We can compare the labels and predictions by plotting. In this plot, an ideal fit has all of the blue dots on the orange line. Not a good look for the linear model.

In [None]:
plot_fun(bps, bp_predictions, 'Linear Regression')

### Cross-Validation
We can test these results for *overfitting* by making temporary test sets with a portion of our training data. Here, we use 10% of the training data as a test set. We can actually do this 10 different times with different portions of the training data and then look at statistics.  

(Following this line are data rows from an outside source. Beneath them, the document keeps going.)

Lemma par_fixed_root x : x \in S -> par x = x -> x = r.
Proof.
move=> xS par_x; have [k <-] := anc_root xS.
have fixed n : iter n par x = x by elim: n => //= n ->.
by rewrite fixed.
Qed.

(* The ancestor order is antisymmetric: a cycle through a would never reach
   the root. *)
Lemma anc_antisym a b : a \in S -> anc par a b -> anc par b a -> a = b.
Proof.
move=> aS [[|i] a_b] [j b_a]; first by [].
have periodic n : iter (n * (j + i.+1)) par a = a.
  by elim: n => // n IHn; rewrite mulSn iterD IHn iterD a_b b_a.
have [k a_r] := anc_root aS.
have a_root : a = r.
  have split_k : k * (j + i.+1) = (k * (j + i.+1) - k) + k.
    by rewrite subnK // leq_pmulr // addnS.
  by rewrite -(periodic k) split_k iterD a_r iter_root.
by rewrite -a_b a_root iter_root.
Qed.

(* lca_T(x, y) exists: it is the first ancestor of x that is above y. *)
Lemma lca_exists x y : x \in S -> y \in S -> exists m, is_lca par S x y m.
Proof.
move=> xS yS; have [k x_r] := anc_root xS.
have y_above : anc par y (iter k par x) by rewrite x_r; apply: anc_root.
have [j [y_j j_min]] := @least_nat (fun j => anc par y (iter j par x)) k y_above.
exists (iter j par x); split; [exact: iter_in_tree | by exists j | by [] |].
move=> w wS [l <-] y_l; exists (l - j).
by rewrite -iterD subnK // j_min.
Qed.

Lemma lca_unique x y z z' : is_lca par S x y z -> is_lca par S x y z' -> z = z'.
Proof.
by case=> zS x_z y_z z_min [z'S x_z' y_z' z'_min]; apply: anc_antisym; auto.
Qed.

Lemma lca_comparison x y y' m m' :
  is_lca par S x y m -> is_lca par S x y' m' ->
  (forall z z', is_lca par S x y z -> is_lca par S x y' z' -> anc par z z')
  <-> anc par m m'.
Proof.
move=> lca_m lca_m'; split => [|m_m' z z' lca_z lca_z']; first by apply.
by rewrite -(lca_unique lca_m lca_z) -(lca_unique lca_m' lca_z').
Qed.

End PlantedTree.

(* Where contracting the edge uv sends a vertex m: v is identified with u. *)
Definition fuse (V : eqType) (u v m : V) : V := if m == v then u else m.

Definition color_overlap (V : finType) (C : Type) (S : {set V}) (r : V)
  (par : V -> V) (sigma : V -> C) (u v : V) : Prop :=
  exists a b,
    [/\ a \in leaves par S r, anc par a v & b \in leaves par S r] /\
    [/\ anc par b u, ~ anc par b v & sigma a = sigma b].

Section Contraction.
Variables (V : finType) (S : {set V}) (r : V) (par : V -> V) (u v : V).
Hypothesis tree : is_planted_tree S r par.
Hypotheses (inner_u : inner par S r u) (inner_v : inner par S r v).
Hypothesis par_v : par v = u.

Local Notation par' := (contract par u v).
Local Notation S' := (S :\ v).

(* The edge uv is a genuine edge: v is not the root, so par v <> v. *)
Lemma u_neq_v : u != v.
Proof.
case: inner_v => vS v_r _; apply: contraNneq v_r => u_v.
by apply/eqP/(par_fixed_root tree vS); rewrite par_v u_v.
Qed.

Lemma v_anc_u : anc par v u.
Proof. by rewrite -par_v; apply: anc_par. Qed.

Lemma u_in_tree : u \in S.
Proof. by case: inner_u. Qed.

Lemma iter_contract x k :
  x != v -> exists j, iter k par' x = iter j par x /\ iter k par' x != v.
Proof.
move=> x_v; elim: k => [|k [j [iter_k j_v]]]; first by exists 0.
rewrite /= iter_k /contract.
case: eqP => [par_j | /eqP par_j]; last by exists j.+1.
by exists j.+2; rewrite /= par_j par_v u_neq_v.
Qed.

Lemma anc_contract x y : x != v -> y != v -> anc par' x y <-> anc par x y.
Proof.
move=> x_v y_v; split => [[k <-] | [j y_j]].
  by have [j [-> _]] := iter_contract k x_v; exists j.
move: y_v; rewrite -{}y_j.
elim/ltn_ind: j x x_v => [[|j] IH] x x_v; first by move=> _; apply: anc_refl.
rewrite iterSr; case: (eqVneq (par x) v) => [par_x | par_x_v].
  case: j IH => [|j] IH j_v; first by rewrite par_x eqxx in j_v.
  rewrite iterSr par_x par_v in j_v *.
  apply: anc_trans (IH j (ltnW (ltnSn j)) u u_neq_v j_v).
  by exists 1; rewrite /= /contract par_x eqxx.
move=> j_v; apply: anc_trans (IH j (ltnSn j) _ par_x_v j_v).
by exists 1; rewrite /= /contract (negbTE par_x_v).
Qed.

(* A vertex other than v has children after contraction iff it had some
   before: the children of v are reattached to u, which had the child v. *)
Lemma has_child_contract z : z != v ->
  (children par' S' r z != set0) = (children par S r z != set0).
Proof.
move=> z_v; apply/set0Pn/set0Pn => [[y] | [y]]; rewrite !inE.
- case/and3P=> /andP [y_v yS] y_r; rewrite /contract.
  case: (eqVneq (par y) v) => [par_y | _] /eqP <-; last by exists y; rewrite !inE yS y_r eqxx.
  by case: inner_v => vS v_r _; exists v; rewrite !inE vS v_r par_v eqxx.
- case/and3P=> yS y_r /eqP par_y; case: (eqVneq y v) => [y_v | y_v].
    case: inner_v => vS v_r; rewrite inE vS v_r /= => /set0Pn [c].
    rewrite !inE => /and3P [cS c_r /eqP par_c].
    have c_v : c != v by apply: contraNneq u_neq_v => c_v; rewrite -par_v -{1}c_v par_c.
    by exists c; rewrite !inE c_v cS c_r /contract par_c eqxx -par_y y_v par_v eqxx.
  by exists y; rewrite !inE y_v yS y_r /contract par_y (negbTE z_v) eqxx.
Qed.

Lemma leaves_contract z : (z \in leaves par' S' r) = (z \in leaves par S r).
Proof.
case: (eqVneq z v) => [-> | z_v].
  by case: inner_v => _ _ /negbTE ->; rewrite !inE eqxx.
rewrite !inE z_v /=; congr [&& _, _ & _].
by apply/idP/idP; apply: contraLR; rewrite -!/(_ != set0) has_child_contract.
Qed.

Lemma fuse_neq_v m : fuse u v m != v.
Proof. by rewrite /fuse; case: (eqVneq m v) => // _; apply: u_neq_v. Qed.

Lemma fuse_in_tree m : m \in S -> fuse u v m \in S.
Proof. by rewrite /fuse; case: eqP => // _ _; apply: u_in_tree. Qed.
(* The class of Subgraph MPNNs cannot count $8$-cycles at graph level, and cannot count $8$-paths at graph level. That is, there exist graphs $G_1,G_2$ with $C(8\text{-cycle},G_1)\neq C(8\text{-cycle},G_2)$ such that $h_{G_1}=h_{G_2}$ for every Subgraph MPNN, and there exist graphs $G_1,G_2$ with $C(8\text{-path},G_1)\neq C(8\text{-path},G_2)$ such that $h_{G_1}=h_{G_2}$ for every Subgraph MPNN.
   Context: Graphs are finite, simple, undirected, $G=(V,E)$, possibly carrying node attributes $x_v$ and edge attributes $e_{u,v}$ (a fixed constant when absent). $N(v)$ is the neighbour set of $v$. For $L\ge 1$, an $L$-path is a sequence of edges $(v_1,v_2),(v_2,v_3),\dots,(v_L,v_{L+1})$ of $G$ with $v_1,\dots,v_{L+1}$ pairwise distinct; for $L\ge 3$, an $L$-cycle is such a sequence with $v_1,\dots,v_L$ pairwise distinct and $v_{L+1}=v_1$. Two paths (resp. cycles) are identified when their edge sets coincide. $C(L\text{-cycle},G)$ and $C(L\text{-path},G)$ denote the numbers of inequivalent $L$-cycles and $L$-paths of $G$. A class $\mathcal F$ of functions on graphs can count a substructure $S$ at graph level if for all graphs $G_1,G_2$ with $C(S,G_1)\ne C(S,G_2)$ there is $f\in\mathcal F$ with $f(G_1)\neq f(G_2)$. Subgraph MPNNs. A Subgraph MPNN is specified by: (1) a subgraph extraction rule, either node deletion, $(V_i,E_i)=(V\setminus\{i\},E\setminus\{(i,j):j\in N(i)\})$, or the $K$-hop ego-network for some integer $K\ge1$, i.e. $(V_i,E_i)$ is the subgraph of $G$ induced by the nodes at shortest-path distance at most $K$ from $i$; (2) a node labeling $z_{i,j}$, which is either absent, identity labeling $z_{i,j}=\mathbb 1_{i=j}$, or shortest path distance $z_{i,j}=\mathrm{spd}(i,j)$ in $G$; (3) a number of layers $T$ and arbitrary functions $M_t$ (with values in some $\mathbb R^{d_t}$) and $U_t$, $t=0,\dots,T-1$; (4) arbitrary readout functions $R_{\text{node}},R_{\text{graph}}$ on finite multisets. For each root $i\in V$ and $j\in V_i$: $h^{(0)}_{i,j}=x_j\oplus z_{i,j}$ ($\oplus$ = concatenation), $h^{(t+1)}_{i,j}=U_t\big(h^{(t)}_{i,j},\sum_{k\in N_i(j)}M_t(h^{(t)}_{i,j},h^{(t)}_{i,k},e_{j,k})\big)$ where $N_i(j)=\{k\in V_i:(j,k)\in E_i\}$; then $h_i=R_{\text{node}}(\{\!\{h^{(T)}_{i,j}:j\in V_i\}\!\})$ and $h_G=R_{\text{graph}}(\{\!\{h_i:i\in V\}\!\})$. The graph-level function computed is $G\mapsto h_G$, and the class of Subgraph MPNNs consists of all such choices. *)

From HB Require Import structures.
From mathcomp Require Import all_boot all_order all_algebra.
From mathcomp Require Import reals.
Set Implicit Arguments. Unset Strict Implicit. Unset Printing Implicit Defensive.
Import Order.TTheory GRing.Theory Num.Theory.
Local Open Scope ring_scope.

Record graph := Graph {
  gV :> finType;
  gadj : rel gV;
  gadj_sym : symmetric gadj;
  gadj_irr : irreflexive gadj }.

Section GraphDefs.
Variable G : graph.

Fixpoint within (n : nat) (i j : G) : bool :=
  if n is n'.+1 then
    within n' i j || [exists k : G, within n' i k && @gadj G k j]
  else i == j.

(* Shortest path distance in G: [Some d], or [None] if unreachable.
   (Any reachable vertex is at distance < #|G|.) *)
Definition spd (i j : G) : option nat :=
  let d := find (fun n => within n i j) (iota 0 #|G|) in
  if (d < #|G|)%N then Some d else None.

Definition path_edges (s : seq G) : {set {set G}} :=
  [set [set p.1; p.2] | p in zip s (behead s)].
Definition cycle_edges (s : seq G) : {set {set G}} :=
  [set [set p.1; p.2] | p in zip s (rot 1 s)].

Definition is_path_seq (L : nat) (s : seq G) : bool :=
  [&& (1 <= L)%N, size s == L.+1, uniq s &
      (if s is x :: p then path (@gadj G) x p else false)].
Definition is_cycle_seq (L : nat) (s : seq G) : bool :=
  [&& (3 <= L)%N, size s == L, uniq s & cycle (@gadj G) s].

(* Number of inequivalent L-paths / L-cycles (identified by edge sets). *)
Definition count_paths (L : nat) : nat :=
  #|[set path_edges (val s) | s in [pred s : L.+1.-tuple G | is_path_seq L s]]|.
Definition count_cycles (L : nat) : nat :=
  #|[set cycle_edges (val s) | s in [pred s : L.-tuple G | is_cycle_seq L s]]|.

End GraphDefs.

Inductive extraction := NodeDeletion | EgoNet of nat (* K-hop, K >= 1 *).
Inductive labeling := NoLabel | IdLabel | SpdLabel.

(* dimension of the initial feature h^(0) = x_j (+) z_{i,j};
   node attributes are absent, so h^(0) = z_{i,j}. *)
Definition labdim (l : labeling) : nat :=
  match l with NoLabel => 0%N | IdLabel => 1%N | SpdLabel => 1%N end.

Section MPNN.
Variable R : realType.

Definition sdim (l : labeling) (edim : nat -> nat) (t : nat) : nat :=
  if t is t'.+1 then edim t' else labdim l.

Record mpnn := MPNN {
  rule : extraction;
  lab : labeling;
  nlayers : nat;
  edim : nat -> nat;                   (* dimension of h^(t+1) *)
  mdim : nat -> nat;
  Msg : forall t, 'rV[R]_(sdim lab edim t) -> 'rV[R]_(sdim lab edim t) ->
                  'rV[R]_(mdim t);
  Upd : forall t, 'rV[R]_(sdim lab edim t) -> 'rV[R]_(mdim t) ->
                  'rV[R]_(sdim lab edim t.+1);
  ndim : nat;
  Rnode : seq 'rV[R]_(sdim lab edim nlayers) -> 'rV[R]_ndim;
  Rnode_multiset : forall s1 s2, perm_eq s1 s2 -> Rnode s1 = Rnode s2;
  gdim : nat;
  Rgraph : seq 'rV[R]_ndim -> 'rV[R]_gdim;
  Rgraph_multiset : forall s1 s2, perm_eq s1 s2 -> Rgraph s1 = Rgraph s2 }.

Definition valid_mpnn (m : mpnn) : Prop :=
  match rule m with NodeDeletion => True | EgoNet K => (1 <= K)%N end.

Variable m : mpnn.
Variable G : graph.

Definition in_sub (i j : G) : bool :=
  match rule m with
  | NodeDeletion => j != i
  | EgoNet K => within K i j
  end.

(* k is in N_i(j): k in V_i and (j,k) in E_i (E_i is induced on V_i in both
   rules; for node deletion this removes exactly the edges incident to i). *)
Definition sub_nbr (i j k : G) : bool := in_sub i j && in_sub i k && @gadj G j k.

Definition zlabel (i j : G) : 'rV[R]_(labdim (lab m)) :=
  match lab m as l return 'rV[R]_(labdim l) with
  | NoLabel => 0
  | IdLabel => const_mx (if i == j then 1 else 0)
  | SpdLabel => const_mx (match spd i j with Some d => d%:R | None => -1 end)
  end.

Fixpoint hstate (t : nat) : G -> G -> 'rV[R]_(sdim (lab m) (edim m) t) :=
  match t as t0 return G -> G -> 'rV[R]_(sdim (lab m) (edim m) t0) with
  | 0%N => fun i j => zlabel i j
  | t'.+1 => fun i j =>
      @Upd m t' (hstate t' i j)
        (\sum_(k : G | sub_nbr i j k) @Msg m t' (hstate t' i j) (hstate t' i k))
  end.

Definition hnode (i : G) : 'rV[R]_(ndim m) :=
  @Rnode m [seq hstate (nlayers m) i j | j <- enum [pred j | in_sub i j]].

Definition hgraph : 'rV[R]_(gdim m) :=
  @Rgraph m [seq hnode i | i <- enum G].

End MPNN.

(* The 4x4 rook's graph and the Shrikhande graph are both strongly regular with
   parameters (16, 6, 2, 2).  In such a graph any two vertices are equal, adjacent or
   at distance 2, and the number of neighbours of j in each of these three classes
   relative to a root i depends only on the class of (i, j).  By induction on the
   layers, every state h_{i,j} of a Subgraph MPNN is therefore a function of the class
   of (i, j) alone, and h_G is the same for both graphs.  Yet an exhaustive search
   finds 11952 versus 11688 8-cycles and 880128 versus 877440 8-paths: the edge set of
   a simple path (cycle) determines its vertex sequence up to reversal (and rotation),
   so each path is traversed by 2 and each L-cycle by 2L vertex sequences. *)

From HB Require Import structures.
From mathcomp Require Import all_boot all_order all_algebra.
From mathcomp Require Import reals.
From mathcomp Require Import zify.
Import GRing.Theory.
Set Implicit Arguments. Unset Strict Implicit. Unset Printing Implicit Defensive.

(** * Edge sets of simple paths and cycles *)

Lemma set2_eq (T : finType) (x y a b : T) :
  [set x; y] = [set a; b] -> (x = a /\ y = b) \/ (x = b /\ y = a).
Proof.
move=> E.
have /set2P xab : x \in [set a; b] by rewrite -E set21.
have /set2P yab : y \in [set a; b] by rewrite -E set22.
have /set2P axy : a \in [set x; y] by rewrite E set21.
have /set2P bxy : b \in [set x; y] by rewrite E set22.
by case: xab yab axy bxy => -> [] -> [] ? [] ?; subst; tauto.
Qed.

Lemma modS_small L i : i < L -> i.+1 %% L = if i.+1 == L then 0 else i.+1.
Proof. by move=> hi; case: eqP => [->|ne]; rewrite ?modnn // modn_small; lia. Qed.

Definition succ_mod (L : nat) : rel nat := fun i j => (i < L) && (j == i.+1 %% L).

Lemma nth_rot (T : Type) (x0 : T) (s : seq T) n i : n <= size s -> i < size s ->
  nth x0 (rot n s) i = nth x0 s ((n + i) %% size s).
Proof.
move=> hn hi; rewrite /rot nth_cat size_drop.
case: ltnP => h; first by rewrite nth_drop modn_small //; lia.
rewrite nth_take; last lia.
have -> : n + i = (i - (size s - n)) + size s by lia.
by rewrite modnDr modn_small //; lia.
Qed.

Lemma next_nth_mod (T : eqType) (x0 : T) (s : seq T) i : uniq s -> i < size s ->
  next s (nth x0 s i) = nth x0 s (i.+1 %% size s).
Proof.
case: s => [//|y p] us hi; rewrite next_nth mem_nth // index_uniq // modS_small //.
case: eqP => [[ei]|ne]; first by rewrite nth_default ?ei.
by rewrite /= (set_nth_default x0) //; move: hi ne => /=; lia.
Qed.

Section OrientedWalks.
Variables (T : eqType) (r : rel T).
Hypothesis r_inj : forall a b c, r a c -> r b c -> a = b.

Lemma path_keeps_orientation x y p : uniq [:: x, y & p] -> r x y ->
  path (fun a b => r a b || r b a) y p -> path r y p.
Proof.
elim: p x y => //= z p IH x y /andP[xN uyp] rxy /andP[/orP[ryz | rzy] pz].
  by rewrite ryz (IH y z) //; case/andP: uyp.
by move: xN; rewrite (r_inj rzy rxy) !inE eqxx orbT.
Qed.

End OrientedWalks.

(* A walk along the symmetric closure of a bi-unique relation can never turn back
   without repeating a vertex. *)
Lemma sorted_symclosure (T : eqType) (r : rel T) s :
  (forall a b c, r a c -> r b c -> a = b) -> (forall a b c, r a b -> r a c -> b = c) ->
  uniq s -> sorted (fun a b => r a b || r b a) s -> sorted r s \/ sorted r (rev s).
Proof.
move=> r_inj r_fun; case: s => [|x [|y p]]; try by left.
rewrite rev_sorted /= => us /andP[/orP[rxy | ryx] pp].
  by left; rewrite rxy (path_keeps_orientation r_inj us rxy pp).
right; rewrite ryx (path_keeps_orientation (r := fun a b => r b a) _ us) //.
  by move=> a b c rca rcb; apply: r_fun rca rcb.
by rewrite (eq_path (e' := fun a b => r a b || r b a)) // => a b; rewrite orbC.
Qed.

Section EdgeSets.
Variable G : graph.
Implicit Types (s t : seq G) (x y : G).

Lemma path_edgesP s x0 E :
  reflect (exists2 i, i.+1 < size s & E = [set nth x0 s i; nth x0 s i.+1]) (E \in path_edges s).
Proof.
have nth_pairs i : i.+1 < size s ->
    nth (x0, x0) (zip s (behead s)) i = (nth x0 s i, nth x0 s i.+1).
  by move=> hi; rewrite nth_zip_cond size_zip size_behead -subn1 ifT ?nth_behead //; lia.
apply: (iffP imsetP) => [[q /(nthP (x0, x0))[i hi <-] ->] | [i hi ->]].
  have hi' : i.+1 < size s by move: hi; rewrite size_zip ltn_min size_behead -subn1 ltn_subRL => /andP[_].
  by exists i => //; rewrite nth_pairs.
exists (nth x0 s i, nth x0 s i.+1) => //; rewrite -nth_pairs //.
by apply: mem_nth; rewrite size_zip ltn_min size_behead -subn1 ltn_subRL (ltnW hi).
Qed.

Lemma path_edges_path x p : path (fun a b => [set a; b] \in path_edges (x :: p)) x p.
Proof. by apply/(pathP x) => i hi; apply/(path_edgesP _ x); exists i. Qed.

Lemma path_edges_rev s : path_edges (rev s) = path_edges s.
Proof.
suff sub (u : seq G) : {subset path_edges (rev u) <= path_edges u}.
  by apply/setP => E; apply/idP/idP => [/sub | ]; rewrite // -{1}(revK s) => /sub.
case: u => [|x0 u] E; first by case/imsetP.
case/(path_edgesP _ x0) => i; rewrite size_rev => hi ->.
apply/(path_edgesP _ x0); exists (size (x0 :: u) - i.+2); first lia.
rewrite !nth_rev; try lia.
by rewrite setUC; congr [set nth _ _ _; nth _ _ _]; lia.
Qed.

Lemma path_edges_index s x y : uniq s -> [set x; y] \in path_edges s ->
  [&& x \in s, y \in s & (index y s == (index x s).+1) || (index x s == (index y s).+1)].
Proof.
case: s => [|x0 u] us; first by case/imsetP.
case/(path_edgesP _ x0) => i hi /set2_eq.
have [si si1] : nth x0 (x0 :: u) i \in x0 :: u /\ nth x0 (x0 :: u) i.+1 \in x0 :: u.
  by rewrite !mem_nth // ltnW.
have [ii ii1] : index (nth x0 (x0 :: u) i) (x0 :: u) = i /\
                index (nth x0 (x0 :: u) i.+1) (x0 :: u) = i.+1.
  by rewrite !index_uniq // ltnW.
by case=> -[-> ->]; rewrite si si1 ii ii1 eqxx ?orbT.
Qed.

Lemma cycle_edges_next s : uniq s -> cycle_edges s = [set [set x; next s x] | x in s].
Proof.
case: s => [|x0 u] us; first by apply/setP => E; apply/imsetP/imsetP => -[].
set s := x0 :: u.
have nth_pairs i : i < size s ->
    nth (x0, x0) (zip s (rot 1 s)) i = (nth x0 s i, next s (nth x0 s i)).
  by move=> hi; rewrite nth_zip ?size_rot // nth_rot // next_nth_mod.
apply/setP => E; apply/imsetP/imsetP => [[q /(nthP (x0, x0))[i hi <-] ->] | [x xs ->]].
  rewrite size_zip size_rot minnn in hi.
  by exists (nth x0 s i); rewrite ?mem_nth ?nth_pairs.
exists (x, next s x) => //; rewrite -(nth_index x0 xs) -nth_pairs ?index_mem //.
by apply: mem_nth; rewrite size_zip size_rot minnn index_mem.
Qed.

Lemma cycle_edges_rot n s : uniq s -> cycle_edges (rot n s) = cycle_edges s.
Proof.
move=> us; rewrite !cycle_edges_next ?rot_uniq //.
by apply/setP => E; apply/imsetP/imsetP => -[x xs ->]; exists x;
  rewrite ?mem_rot ?(next_rot n us) // -(mem_rot n).
Qed.

Lemma cycle_edges_rev s : uniq s -> cycle_edges (rev s) = cycle_edges s.
Proof.
move=> us; rewrite !cycle_edges_next ?rev_uniq //.
apply/setP => E; apply/imsetP/imsetP => -[x xs ->]; rewrite ?mem_rev in xs *.
  by exists (prev s x); rewrite ?mem_prev // next_rev // next_prev // setUC.
by exists (next s x); rewrite ?mem_rev ?mem_next // next_rev // prev_next // setUC.
Qed.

**If the RMSE of the full training set is much less than the average RMSE from cross-validation, we have overfitted our data.**

In [None]:
from sklearn.model_selection import cross_val_score

lin_rmses = -cross_val_score(lin_reg, compounds, bps,
                            scoring="neg_root_mean_squared_error", cv=10)

In [None]:
lin_rmses

In [None]:
pd.Series(lin_rmses).describe()

---
The linear model does not seem to overfit the data, but can we get a better fit?

## Decision Tree

A Decision Tree model determines result based on a series of decisions. Here is an example decision tree for a 1D model:
![Screenshot 2025-03-29 at 9.08.53 AM.png](attachment:093bf735-b5bc-4e2e-a55f-e693ef721f14.png)
As can be seen, the more layers of decision tree that are included, the more predictions are possible and the better the fit.

In [None]:
from sklearn.tree import DecisionTreeRegressor

tree_reg = make_pipeline(preprocessing, DecisionTreeRegressor(random_state=42))
tree_reg.fit(compounds, bps)

In [None]:
bp_predictions = tree_reg.predict(compounds)
tree_rmse = root_mean_squared_error(bps, bp_predictions)
tree_rmse

In [None]:
plot_fun(bps, bp_predictions, 'Decision Tree')

### Cross-Validation

In [None]:
tree_rmses = -cross_val_score(tree_reg, compounds, bps,
                            scoring="neg_root_mean_squared_error", cv=10)

In [None]:
tree_rmses

In [None]:
pd.Series(tree_rmses).describe()

---
Using the Decision Tree, the RMSE error for the entire training set is `13.3`, compared to an average of `39.2` for the cross-validation. This difference suggests that the Decision Tree model is *overfitted* and does not make good predictions.  Let's look at the depth and the number of leaves of our decision tree:

In [None]:
depth = tree_reg[-1].get_depth()
n_leaves = tree_reg[-1].get_n_leaves()

print(f'The depth of the decision tree is {depth} \
and the number of leaves is {n_leaves}')

### Hyperparameter Tuning

The number of leaves is roughly a third of the training set size, which may be too large. Let's use `max_depth` as a *hyperparameter* to tune the model. 

In [None]:
tree_reg = make_pipeline(preprocessing, 
                         DecisionTreeRegressor(max_depth=10,
                                               random_state=42))
tree_reg.fit(compounds, bps)

bp_predictions = tree_reg.predict(compounds)
tree_rmse = root_mean_squared_error(bps, bp_predictions)
tree_rmse

In [None]:
tree_rmses = -cross_val_score(tree_reg, compounds, bps,
                            scoring="neg_root_mean_squared_error", cv=10)
pd.Series(tree_rmses).describe()

In [None]:
plot_fun(bps, bp_predictions, 'Decision Tree')

---
Changing `max_depth` from `17` to `10` does not have a huge effect. **You can explore other values!**

## Random Forest

The Random Forest model performs multiple decision tree analyses on a subset of features and then chooses the best result. The size of the subset is typically $\sqrt{n}$, where $n$ is the total number of features.  By compairing different subsets, the model can generate an indication of which features are most important.

In [None]:
from sklearn.ensemble import RandomForestRegressor

forest_reg = make_pipeline(preprocessing,
                       RandomForestRegressor(max_depth = 10, random_state=42))
forest_reg

In [None]:
forest_reg.fit(compounds, bps)

bp_predictions = forest_reg.predict(compounds)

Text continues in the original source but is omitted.